(Saved entries)
☆ ☆ ☆
Record AIFunLaws (C D : RawSMC) (A : AntiInv C) (B : AntiInv D) (F : AIFun A B) : Prop := {
  aif_sm : SMFunctorLaws (aif_F F);
  aif_phi_mon : MonNatIsoLaws (aif_phi F);
  aif_phi_inv_iso : forall x, is_iso D (aif_phi F x) (aif_phi_inv F x);
  aif_coh : forall x,
      comp D (aif_phi F (fob (ai_d A) x)) (fmap (aif_F F) (ai_eta A x))
      = comp D (fmap (ai_d B) (aif_phi F x)) (ai_eta B (fob (aif_F F) x))
}.
Arguments AIFunLaws {C D A B} F.

Record AINatLaws (C D : RawSMC) (A : AntiInv C) (B : AntiInv D) (F G : AIFun A B)
    (u : NatData (aif_F F) (aif_F G)) : Prop := {
  ain_mon : MonNatIsoLaws u;
  ain_coh : forall x,
      aif_phi F x
      = comp D (fmap (ai_d B) (u x)) (comp D (aif_phi G x) (u (fob (ai_d A) x)))
}.
Arguments AINatLaws {C D A B} F G u.

Definition aifcomp (C D E : RawSMC) (A : AntiInv C) (B : AntiInv D) (Bc : AntiInv E)
    (G : AIFun B Bc) (F : AIFun A B) : AIFun A Bc :=
  @Build_AIFun C E A Bc
    (fcomp (aif_F G) (aif_F F))
    (fun x => comp E (aif_phi G (fob (aif_F F) x)) (fmap (aif_F G) (aif_phi F x)))
    (fun x => comp E (fmap (aif_F G) (aif_phi_inv F x)) (aif_phi_inv G (fob (aif_F F) x))).
Arguments aifcomp {C D E A B Bc} G F.

Definition fopAIF (C D : RawSMC) (A : AntiInv C) (B : AntiInv D) (F : AIFun A B)
    : AIFun (aiop A) (aiop B) :=
  @Build_AIFun (op C) (op D) (aiop A) (aiop B)
    (fop (aif_F F))
    (fun x => aif_phi_inv F x)
    (fun x => aif_phi F x).
Arguments fopAIF {C D A B} F.

Definition is_dual (C : RawSMC) (x xd : ob C)
    (ev : hom C (tens C xd x) (tunit C)) (coev : hom C (tunit C) (tens C x xd)) : Prop :=
  comp C (runit C x) (comp C (tensm C (idm C x) ev)
     (comp C (assoc C x xd x) (comp C (tensm C coev (idm C x)) (lunit_inv C x))))
  = idm C x /\
  comp C (lunit C xd) (comp C (tensm C ev (idm C xd))
     (comp C (assoc_inv C xd x xd) (comp C (tensm C (idm C xd) coev) (runit_inv C xd))))
  = idm C xd.
Arguments is_dual C {x xd} ev coev.

Record Duals (C : RawSMC) := {
  dob : ob C -> ob C;
  dev : forall x, hom C (tens C (dob x) x) (tunit C);
  dcoev : forall x, hom C (tunit C) (tens C x (dob x))
}.
Arguments dob {C} d x.
Arguments dev {C} d x.
Arguments dcoev {C} d x.

Definition DualsLaws (C : RawSMC) (Dl : Duals C) : Prop :=
  forall x, is_dual C (dev Dl x) (dcoev Dl x).
Arguments DualsLaws {C} Dl.

(* canonical map a -> b between two duals of x (uniqueness of duals):
   a = a(x)I -> a(x)(x(x)b) -> (a(x)x)(x)b -> I(x)b = b *)
Definition dual_iso (C : RawSMC) (x a b : ob C)
    (eva : hom C (tens C a x) (tunit C)) (coevb : hom C (tunit C) (tens C x b)) : hom C a b :=
  comp C (lunit C b) (comp C (tensm C eva (idm C b))
    (comp C (assoc_inv C a x b) (comp C (tensm C (idm C a) coevb) (runit_inv C a)))).
Arguments dual_iso C {x a b} eva coevb.

Definition dual_mor (C : RawSMC) (Dl : Duals C) (x y : ob C) (f : hom C x y)
    : hom C (dob Dl y) (dob Dl x) :=
  dual_iso C (comp C (dev Dl y) (tensm C (idm C (dob Dl y)) f)) (dcoev Dl x).
Arguments dual_mor {C} Dl {x y} f.

Definition shuffle (C : RawSMC) (a b c d : ob C)
    : hom C (tens C (tens C a b) (tens C c d)) (tens C (tens C a c) (tens C b d)) :=
  comp C (assoc_inv C a c (tens C b d))
   (comp C (tensm C (idm C a) (assoc C c b d))
    (comp C (tensm C (idm C a) (tensm C (braid C b c) (idm C d)))
     (comp C (tensm C (idm C a) (assoc_inv C b c d)) (assoc C a b (tens C c d))))).

Definition ev_par (C : RawSMC) (Dl : Duals C) (x y : ob C)
    : hom C (tens C (tens C (dob Dl x) (dob Dl y)) (tens C x y)) (tunit C) :=
  comp C (lunit C (tunit C))
    (comp C (tensm C (dev Dl x) (dev Dl y)) (shuffle C (dob Dl x) (dob Dl y) x y)).
Definition coev_par (C : RawSMC) (Dl : Duals C) (x y : ob C)
    : hom C (tunit C) (tens C (tens C x y) (tens C (dob Dl x) (dob Dl y))) :=
  comp C (shuffle C x (dob Dl x) y (dob Dl y))
    (comp C (tensm C (dcoev Dl x) (dcoev Dl y)) (lunit_inv C (tunit C))).
Arguments ev_par {C} Dl x y.
Arguments coev_par {C} Dl x y.

Definition dualF (C : RawSMC) (Dl : Duals C) : FunData C (op C) :=
  Build_FunData C (op C)
    (dob Dl)
    (fun x y (f : hom C x y) => dual_mor Dl f)
    (fun x y => dual_iso C (dev Dl (tens C x y)) (coev_par Dl x y))
    (fun x y => dual_iso C (ev_par Dl x y) (dcoev Dl (tens C x y)))
    (dual_iso C (dev Dl (tunit C)) (lunit_inv C (tunit C)))
    (dual_iso C (lunit C (tunit C)) (dcoev Dl (tunit C))).
Arguments dualF {C} Dl.

(* d(x^dual) as a dual of d x, transported along the monoidal functor d *)
Definition ev_d (C : RawSMC) (A : AntiInv C) (Dl : Duals C) (x : ob C)
    : hom C (tens C (fob (ai_d A) (dob Dl x)) (fob (ai_d A) x)) (tunit C) :=
  comp C (feps (ai_d A))
    (comp C (fmap (ai_d A) (dcoev Dl x))
      (comp C (fmu_inv (ai_d A) x (dob Dl x))
        (braid C (fob (ai_d A) (dob Dl x)) (fob (ai_d A) x)))).
Definition coev_d (C : RawSMC) (A : AntiInv C) (Dl : Duals C) (x : ob C)
    : hom C (tunit C) (tens C (fob (ai_d A) x) (fob (ai_d A) (dob Dl x))) :=
  comp C (braid C (fob (ai_d A) (dob Dl x)) (fob (ai_d A) x))
    (comp C (fmu (ai_d A) (dob Dl x) x)
      (comp C (fmap (ai_d A) (dev Dl x)) (feps_inv (ai_d A)))).
Arguments ev_d {C} A Dl x.
Arguments coev_d {C} A Dl x.

(* the dual functor with its canonical anti-involutive structure
   d(x^dual) ~ (d x)^dual (uniqueness of duals) *)
Definition dualAIF (C : RawSMC) (A : AntiInv C) (Dl : Duals C) : AIFun A (aiop A) :=
  @Build_AIFun C (op C) A (aiop A)
    (dualF Dl)
    (fun x => dual_iso C (ev_d A Dl x) (dcoev Dl (fob (ai_d A) x)))
    (fun x => dual_iso C (dev Dl (fob (ai_d A) x)) (coev_d A Dl x)).
Arguments dualAIF {C} A Dl.

(* zeta_x : F(x^dual) -> F(x)^dual, the unique iso compatible with (co)evaluations,
   where F(x^dual) is a dual of F(x) via the image of the duality data *)
Definition evF (C1 C2 : RawSMC) (D1 : Duals C1) (F : FunData C1 C2) (x : ob C1)
    : hom C2 (tens C2 (fob F (dob D1 x)) (fob F x)) (tunit C2) :=
  comp C2 (feps_inv F) (comp C2 (fmap F (dev D1 x)) (fmu F (dob D1 x) x)).
Arguments evF {C1 C2} D1 F x.

Definition zeta (C1 C2 : RawSMC) (D1 : Duals C1) (D2 : Duals C2) (F : FunData C1 C2)
    : NatData (fcomp (dualF D2) F) (fcomp (fop F) (dualF D1)) :=
  fun x => dual_iso C2 (evF D1 F x) (dcoev D2 (fob F x)).
Arguments zeta {C1 C2} D1 D2 F.

(* Both F(x^∨), with evaluation F(ev_x), and the chosen F(x)^∨ are duals of
   F(x), and ζ_x is the comparison map between them.  A morphism into a dual is
   determined by its composite with the evaluation, so each defining property of
   a monoidal anti-involutive natural isomorphism is checked by tensoring with
   the appropriate object and evaluating.  Both sides then reduce to F applied to
   an evaluation in C1: F is strong symmetric monoidal, so it carries duals to
   duals and respects the duality between x^∨ ⊗ y^∨ and x ⊗ y (built from the
   braiding), and the structure map φ of F is a monoidal natural isomorphism. *)

From Corelib Require Import ssreflect.

Existing Class SMCLaws.
Existing Class SMFunctorLaws.
Existing Class AntiInvLaws.
Existing Class AIFunLaws.

#[export] Instance ai_d_laws {C} {A : AntiInv C} {HA : AntiInvLaws A} :
  SMFunctorLaws (ai_d A) := ai_d_sm _ _ HA.
#[export] Instance aif_F_laws {C D} {A : AntiInv C} {B : AntiInv D} {F : AIFun A B}
  {HF : AIFunLaws F} : SMFunctorLaws (aif_F F) := aif_sm _ _ _ _ _ HF.

Notation "g ∘ f" := (comp _ g f) (at level 40, left associativity).
Notation "f ⊗ g" := (tensm _ f g) (at level 35).
Notation "1_ x" := (idm _ x) (at level 9, x at level 9).
Notation tns := (tens _).
Notation α := (assoc _).
Notation α' := (assoc_inv _).
Notation λ := (lunit _).
Notation λ' := (lunit_inv _).
Notation ρ := (runit _).
Notation ρ' := (runit_inv _).
Notation β := (braid _).

Section Composition.
Context {C : RawSMC} {HC : SMCLaws C}.

Lemma compA w x y z (h : hom C y z) (g : hom C x y) (f : hom C w x) :
  h ∘ (g ∘ f) = h ∘ g ∘ f.
Proof. exact: comp_assoc. Qed.

Lemma comp_tail2 {w x y z} {g : hom C y z} {f : hom C x y} {k : hom C x z}
  (e : g ∘ f = k) (h : hom C w x) : g ∘ (f ∘ h) = k ∘ h.
Proof. by rewrite compA e. Qed.

Lemma comp_tail3 {w x y z} {g : hom C y z} {f : hom C x y} {d : hom C w x}
  {k : hom C w z} (e : g ∘ (f ∘ d) = k) u (h : hom C u w) :
  g ∘ (f ∘ (d ∘ h)) = k ∘ h.
Proof. by rewrite -e !compA. Qed.

Lemma comp_tail4 {v w x y z t} {g : hom C y z} {f : hom C x y} {d : hom C w x}
  {c : hom C v w} {k : hom C v z} (e : g ∘ (f ∘ (d ∘ c)) = k) (h : hom C t v) :
  g ∘ (f ∘ (d ∘ (c ∘ h))) = k ∘ h.
Proof. by rewrite -e !compA. Qed.

Lemma comp_tail5 {u v w x y z t} {g : hom C y z} {f : hom C x y} {d : hom C w x}
  {c : hom C v w} {b : hom C u v} {k : hom C u z}
  (e : g ∘ (f ∘ (d ∘ (c ∘ b))) = k) (h : hom C t u) :
  g ∘ (f ∘ (d ∘ (c ∘ (b ∘ h)))) = k ∘ h.
Proof. by rewrite -e !compA. Qed.

End Composition.

(* Composites are kept right-associated.  [rw e] saturates [e] with holes and
   rewrites it at any position of such a chain, not only at its head (this is
   what the [comp_tail] lemmas are for); implicit arguments that cannot be
   inferred before matching are left to the rewrite.  [rwb e] rewrites from
   right to left. *)
Ltac right_assoc := repeat rewrite <- compA.

Ltac count_foralls T :=
  lazymatch T with
  | forall x : ?A, @?B x =>
      let body := constr:(fun x : A =>
        ltac:(let b := eval cbv beta in (B x) in let m := count_foralls b in exact m)) in
      lazymatch body with fun _ => ?m => constr:(S m) end
  | _ => constr:(O)
  end.
Ltac apply_holes e n := lazymatch n with
  | O => e
  | S ?m => apply_holes uconstr:(e _) m end.

Ltac rewrite_in_chain u :=
  first [ rewrite (comp_tail2 u) | rewrite (comp_tail3 u) | rewrite (comp_tail4 u)
        | rewrite (comp_tail5 u) | rewrite u ];
  right_assoc.

Ltac rw_with t e sym :=
  let T := type of t in let n := count_foralls T in let u := apply_holes e n in
  lazymatch sym with
  | false => rewrite_in_chain u
  | true => rewrite_in_chain uconstr:(eq_sym u)
  end.
Ltac rw_dir e sym :=
  first [ let t := constr:(e) in rw_with t e sym
        | let t := open_constr:(e) in rw_with t t sym ].

Tactic Notation "rw" uconstr(e) := rw_dir e false.
Tactic Notation "rwb" uconstr(e) := rw_dir e true.
(* (1) If $T\to A\overset{f}{\to}B\to T[1]$ is a distinguished triangle in $\mathscr{C}$ with $T\in\mathcal{T}$, then $B\in\mathscr{C}^+$ implies $A\in\mathscr{C}^+$. (2) If $V\to A\overset{f}{\to}B\to V[1]$ is a distinguished triangle in $\mathscr{C}$ with $V\in\mathcal{V}$, then $A\in\mathscr{C}^+$ implies $B\in\mathscr{C}^+$.
   Context: $\mathscr{C}$ is a triangulated category with shift $[1]$; subcategories are full, additive, closed under isomorphisms and direct summands. $\mathrm{Ext}^1(X,Y)=\mathscr{C}(X,Y[1])$. $\mathcal{M}\ast\mathcal{N}$ is the full subcategory of objects $C$ admitting a distinguished triangle $M\to C\to N\to M[1]$ with $M\in\mathcal{M}$, $N\in\mathcal{N}$. A cotorsion pair $(\mathcal{U},\mathcal{V})$: $\mathrm{Ext}^1(\mathcal{U},\mathcal{V})=0$ and $\mathscr{C}=\mathcal{U}\ast\mathcal{V}[1]$. Fix a twin cotorsion pair, i.e. cotorsion pairs $(\mathcal{S},\mathcal{T}),(\mathcal{U},\mathcal{V})$ with $\mathrm{Ext}^1(\mathcal{S},\mathcal{V})=0$. Put $\mathcal{W}=\mathcal{T}\cap\mathcal{U}$ and $\mathscr{C}^+=\mathcal{W}\ast\mathcal{V}[1]$. *)

From HB Require Import structures.
From mathcomp Require Import all_boot all_algebra.
Set Implicit Arguments. Unset Strict Implicit. Unset Printing Implicit Defensive.
Import GRing.Theory.
Local Open Scope ring_scope.

Record Preadd := {
  Obj :> Type;
  Mor : Obj -> Obj -> zmodType;
  idm : forall X, Mor X X;
  comp : forall X Y Z, Mor Y Z -> Mor X Y -> Mor X Z;
  compA : forall X Y Z W (h : Mor Z W) (g : Mor Y Z) (f : Mor X Y),
      comp h (comp g f) = comp (comp h g) f;
  comp1m : forall X Y (f : Mor X Y), comp (idm Y) f = f;
  compm1 : forall X Y (f : Mor X Y), comp f (idm X) = f;
  compDl : forall X Y Z (g1 g2 : Mor Y Z) (f : Mor X Y),
      comp (g1 + g2) f = comp g1 f + comp g2 f;
  compDr : forall X Y Z (g : Mor Y Z) (f1 f2 : Mor X Y),
      comp g (f1 + f2) = comp g f1 + comp g f2
}.
Arguments idm {p} X.
Arguments comp {p X Y Z} _ _.
Notation "g <o f" := (comp g f) (at level 40, left associativity).

Section PreaddDefs.
Variable C : Preadd.

Definition is_iso (X Y : C) (f : Mor X Y) : Prop :=
  exists g : Mor Y X, g <o f = idm X /\ f <o g = idm Y.

Definition iso (X Y : C) : Prop := exists f : Mor X Y, is_iso f.

Definition is_zero (Z : C) : Prop :=
  (forall X (f : Mor Z X), f = 0) /\ (forall X (f : Mor X Z), f = 0).

Definition is_biprod (X Y S : C) : Prop :=
  exists (i1 : Mor X S) (i2 : Mor Y S) (p1 : Mor S X) (p2 : Mor S Y),
    [/\ p1 <o i1 = idm X, p2 <o i2 = idm Y, p1 <o i2 = 0, p2 <o i1 = 0
      & i1 <o p1 + i2 <o p2 = idm S].

(** A (full) subcategory given by a predicate on objects which is additive,
    closed under isomorphisms and under direct summands. *)
Definition subcat (P : C -> Prop) : Prop :=
  [/\ (forall X Y, iso X Y -> P X -> P Y),
      (forall Z, is_zero Z -> P Z),
      (forall X Y S, is_biprod X Y S -> P X -> P Y -> P S)
    & (forall X Y S, is_biprod X Y S -> P S -> P X)].
End PreaddDefs.

Record Triang := {
  pre :> Preadd;
  zero_ex : exists Z : pre, is_zero Z;
  biprod_ex : forall X Y : pre, exists S, is_biprod X Y S;
  (* shift functor [1], an additive auto-equivalence *)
  sh : pre -> pre;
  shm : forall X Y : pre, Mor X Y -> Mor (sh X) (sh Y);
  shm_id : forall X, shm (idm X) = idm (sh X);
  shm_comp : forall X Y Z (g : Mor Y Z) (f : Mor X Y),
      shm (g <o f) = shm g <o shm f;
  shm_add : forall X Y (f g : Mor X Y), shm (f + g) = shm f + shm g;
  shm_inj : forall X Y (f g : Mor X Y), shm f = shm g -> f = g;
  shm_surj : forall X Y (h : Mor (sh X) (sh Y)), exists f, shm f = h;
  sh_esurj : forall X, exists Y, iso (sh Y) X;
  dist : forall X Y Z : pre, Mor X Y -> Mor Y Z -> Mor Z (sh X) -> Prop;
  dist_iso : forall X Y Z X' Y' Z' (u : Mor X Y) (v : Mor Y Z) (w : Mor Z (sh X))
      (u' : Mor X' Y') (v' : Mor Y' Z') (w' : Mor Z' (sh X'))
      (a : Mor X X') (b : Mor Y Y') (c : Mor Z Z'),
      is_iso a -> is_iso b -> is_iso c ->
      b <o u = u' <o a -> c <o v = v' <o b -> shm a <o w = w' <o c ->
      dist u v w -> dist u' v' w';
  dist_id : forall X Z, is_zero Z -> dist (idm X) (0 : Mor X Z) (0 : Mor Z (sh X));
  dist_ex : forall X Y (u : Mor X Y), exists Z (v : Mor Y Z) (w : Mor Z (sh X)), dist u v w;
  dist_rot : forall X Y Z (u : Mor X Y) (v : Mor Y Z) (w : Mor Z (sh X)),
      dist u v w <-> dist v w (- shm u);
  dist_morph : forall X Y Z X' Y' Z' (u : Mor X Y) (v : Mor Y Z) (w : Mor Z (sh X))
      (u' : Mor X' Y') (v' : Mor Y' Z') (w' : Mor Z' (sh X'))
      (a : Mor X X') (b : Mor Y Y'),
      dist u v w -> dist u' v' w' -> b <o u = u' <o a ->
      exists c : Mor Z Z', c <o v = v' <o b /\ shm a <o w = w' <o c;
  dist_oct : forall X Y Z Z' X' Y'
      (u : Mor X Y) (j : Mor Y Z') (k : Mor Z' (sh X))
      (v : Mor Y Z) (l : Mor Z X') (i : Mor X' (sh Y))
      (m : Mor Z Y') (n : Mor Y' (sh X)),
      dist u j k -> dist v l i -> dist (v <o u) m n ->
      exists (f : Mor Z' Y') (g : Mor Y' X'),
        [/\ dist f g (shm j <o i), f <o j = m <o v, n <o f = k,
            g <o m = l & shm u <o n = i <o g]
}.
Arguments sh {t} X.
Arguments shm {t X Y} f.
Arguments dist {t X Y Z} u v w.

Section TriangDefs.
Variable C : Triang.

(** Ext^1(X,Y) = C(X, Y[1]) vanishes. *)
Definition Ext1_zero (X Y : C) : Prop := forall f : Mor X (sh Y), f = 0.

Definition Ext1_zero_sub (M N : C -> Prop) : Prop :=
  forall X Y, M X -> N Y -> Ext1_zero X Y.

Definition shift_sub (N : C -> Prop) : C -> Prop :=
  fun A => exists X, N X /\ iso A (sh X).

Definition star (M N : C -> Prop) : C -> Prop :=
  fun A => exists (X Z : C) (u : Mor X A) (v : Mor A Z) (w : Mor Z (sh X)),
    M X /\ N Z /\ dist u v w.

Definition cotorsion_pair (U V : C -> Prop) : Prop :=
  subcat U /\ subcat V /\ Ext1_zero_sub U V /\
  (forall A : C, star U (shift_sub V) A).

Definition twin_cotorsion_pair (S T U V : C -> Prop) : Prop :=
  cotorsion_pair S T /\ cotorsion_pair U V /\ Ext1_zero_sub S V.

Definition Wcore (T U : C -> Prop) : C -> Prop := fun A => T A /\ U A.

Definition Cplus (T U V : C -> Prop) : C -> Prop :=
  star (Wcore T U) (shift_sub V).
End TriangDefs.

(* The right half Y of a cotorsion pair (X, Y) is the Ext-orthogonal of X, so
   Y[1] is closed under extensions; by the octahedral axiom the cone of a
   composite v u is then an extension of the cones of u and v, hence lies in
   Y[1] whenever they do.  Moreover V is contained in T, being Ext-orthogonal
   to S.

   (1) If W1 -> B -b-> Y1 exhibits B in C^+, the cone of b f is an extension of
   the cones of f and b, which lie in T[1]; so the cocone A' of b f lies in T.
   Decomposing A' along (U, V) as U' -> A' -> Q' with Q' in V[1], the object U'
   is the cocone of A' -> Q' between objects of T, hence lies in T and thus in
   W; the composite U' -> A' -> A has cone in V[1] as an extension of Q' and Y1.
   (2) The composite W1 -> A -f-> B has cone in V[1] as an extension of Y1 and
   V[1]. *)
From Pilot Require Import Defs.
From mathcomp Require Import all_boot all_algebra.
Set Implicit Arguments. Unset Strict Implicit. Unset Printing Implicit Defensive.
Import GRing.Theory.
Local Open Scope ring_scope.

Section PreaddLemmas.
Variable C : Preadd.

Lemma comp0m (X Y Z : C) (f : Mor X Y) : (0 : Mor Y Z) <o f = 0.
Proof. by apply: (addrI (0 <o f)); rewrite -compDl !addr0. Qed.

Lemma compm0 (X Y Z : C) (g : Mor Y Z) : g <o (0 : Mor X Y) = 0.
Proof. by apply: (addrI (g <o 0)); rewrite -compDr !addr0. Qed.

Lemma compNl (X Y Z : C) (g : Mor Y Z) (f : Mor X Y) : (- g) <o f = - (g <o f).
Proof. by apply/eqP; rewrite -addr_eq0 -compDl addNr comp0m. Qed.

Lemma compNr (X Y Z : C) (g : Mor Y Z) (f : Mor X Y) : g <o (- f) = - (g <o f).
Proof. by apply/eqP; rewrite -addr_eq0 -compDr addNr compm0. Qed.

Lemma compBl (X Y Z : C) (g1 g2 : Mor Y Z) (f : Mor X Y) :
  (g1 - g2) <o f = g1 <o f - g2 <o f.
Proof. by rewrite compDl compNl. Qed.

Lemma compBr (X Y Z : C) (g : Mor Y Z) (f1 f2 : Mor X Y) :
  g <o (f1 - f2) = g <o f1 - g <o f2.
Proof. by rewrite compDr compNr. Qed.

Lemma is_iso_id (X : C) : is_iso (idm X).
Proof. by exists (idm X); rewrite comp1m. Qed.

Lemma iso_refl (X : C) : iso X X.
Proof. by exists (idm X); apply: is_iso_id. Qed.

Lemma iso_sym (X Y : C) : iso X Y -> iso Y X.
Proof. by case=> f [g [H1 H2]]; exists g, f. Qed.

Lemma biprod_iso (X Y S X' Y' S' : C) :
  is_biprod X Y S -> iso X X' -> iso Y Y' -> iso S S' -> is_biprod X' Y' S'.
Proof.
case=> i1 [i2 [p1 [p2 [H11 H22 H12 H21 Hs]]]].
case=> a [a' [Ha1 Ha2]] [b [b' [Hb1 Hb2]]] [s [s' [Hs1 Hs2]]].
exists (s <o (i1 <o a')), (s <o (i2 <o b')), (a <o (p1 <o s')), (b <o (p2 <o s')).
split; rewrite !Defs.compA.
- by rewrite -(Defs.compA _ s' s) Hs1 compm1 -(Defs.compA _ p1 i1) H11 compm1.
- by rewrite -(Defs.compA _ s' s) Hs1 compm1 -(Defs.compA _ p2 i2) H22 compm1.
- by rewrite -(Defs.compA _ s' s) Hs1 compm1 -(Defs.compA _ p1 i2) H12 compm0 comp0m.
- by rewrite -(Defs.compA _ s' s) Hs1 compm1 -(Defs.compA _ p2 i1) H21 compm0 comp0m.
- rewrite -(Defs.compA _ a' a) Ha1 compm1 -(Defs.compA _ b' b) Hb1 compm1.
  by rewrite -(Defs.compA s i1 p1) -(Defs.compA s i2 p2) -compDl -compDr Hs compm1.
Qed.

End PreaddLemmas.

Section TriangLemmas.
Variable C : Triang.

Lemma shm0 (X Y : C) : shm (0 : Mor X Y) = 0.
Proof. by apply: (addrI (shm (0 : Mor X Y))); rewrite -shm_add !addr0. Qed.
☆ ☆ ☆
= Requirement =
Extract from the records above the lines from the one containing "Ltac count_foralls T" to the one containing "rw_dir e true.", both lines included, exactly as they appear and with nothing else.

= Written response =
Ltac count_foralls T :=
  lazymatch T with
  | forall x : ?A, @?B x =>
      let body := constr:(fun x : A =>
        ltac:(let b := eval cbv beta in (B x) in let m := count_foralls b in exact m)) in
      lazymatch body with fun _ => ?m => constr:(S m) end
  | _ => constr:(O)
  end.
Ltac apply_holes e n := lazymatch n with
  | O => e
  | S ?m => apply_holes uconstr:(e _) m end.

Ltac rewrite_in_chain u :=
  first [ rewrite (comp_tail2 u) | rewrite (comp_tail3 u) | rewrite (comp_tail4 u)
        | rewrite (comp_tail5 u) | rewrite u ];
  right_assoc.

Ltac rw_with t e sym :=
  let T := type of t in let n := count_foralls T in let u := apply_holes e n in
  lazymatch sym with
  | false => rewrite_in_chain u
  | true => rewrite_in_chain uconstr:(eq_sym u)
  end.
Ltac rw_dir e sym :=
  first [ let t := constr:(e) in rw_with t e sym
        | let t := open_constr:(e) in rw_with t t sym ].

Tactic Notation "rw" uconstr(e) := rw_dir e false.
Tactic Notation "rwb" uconstr(e) := rw_dir e true.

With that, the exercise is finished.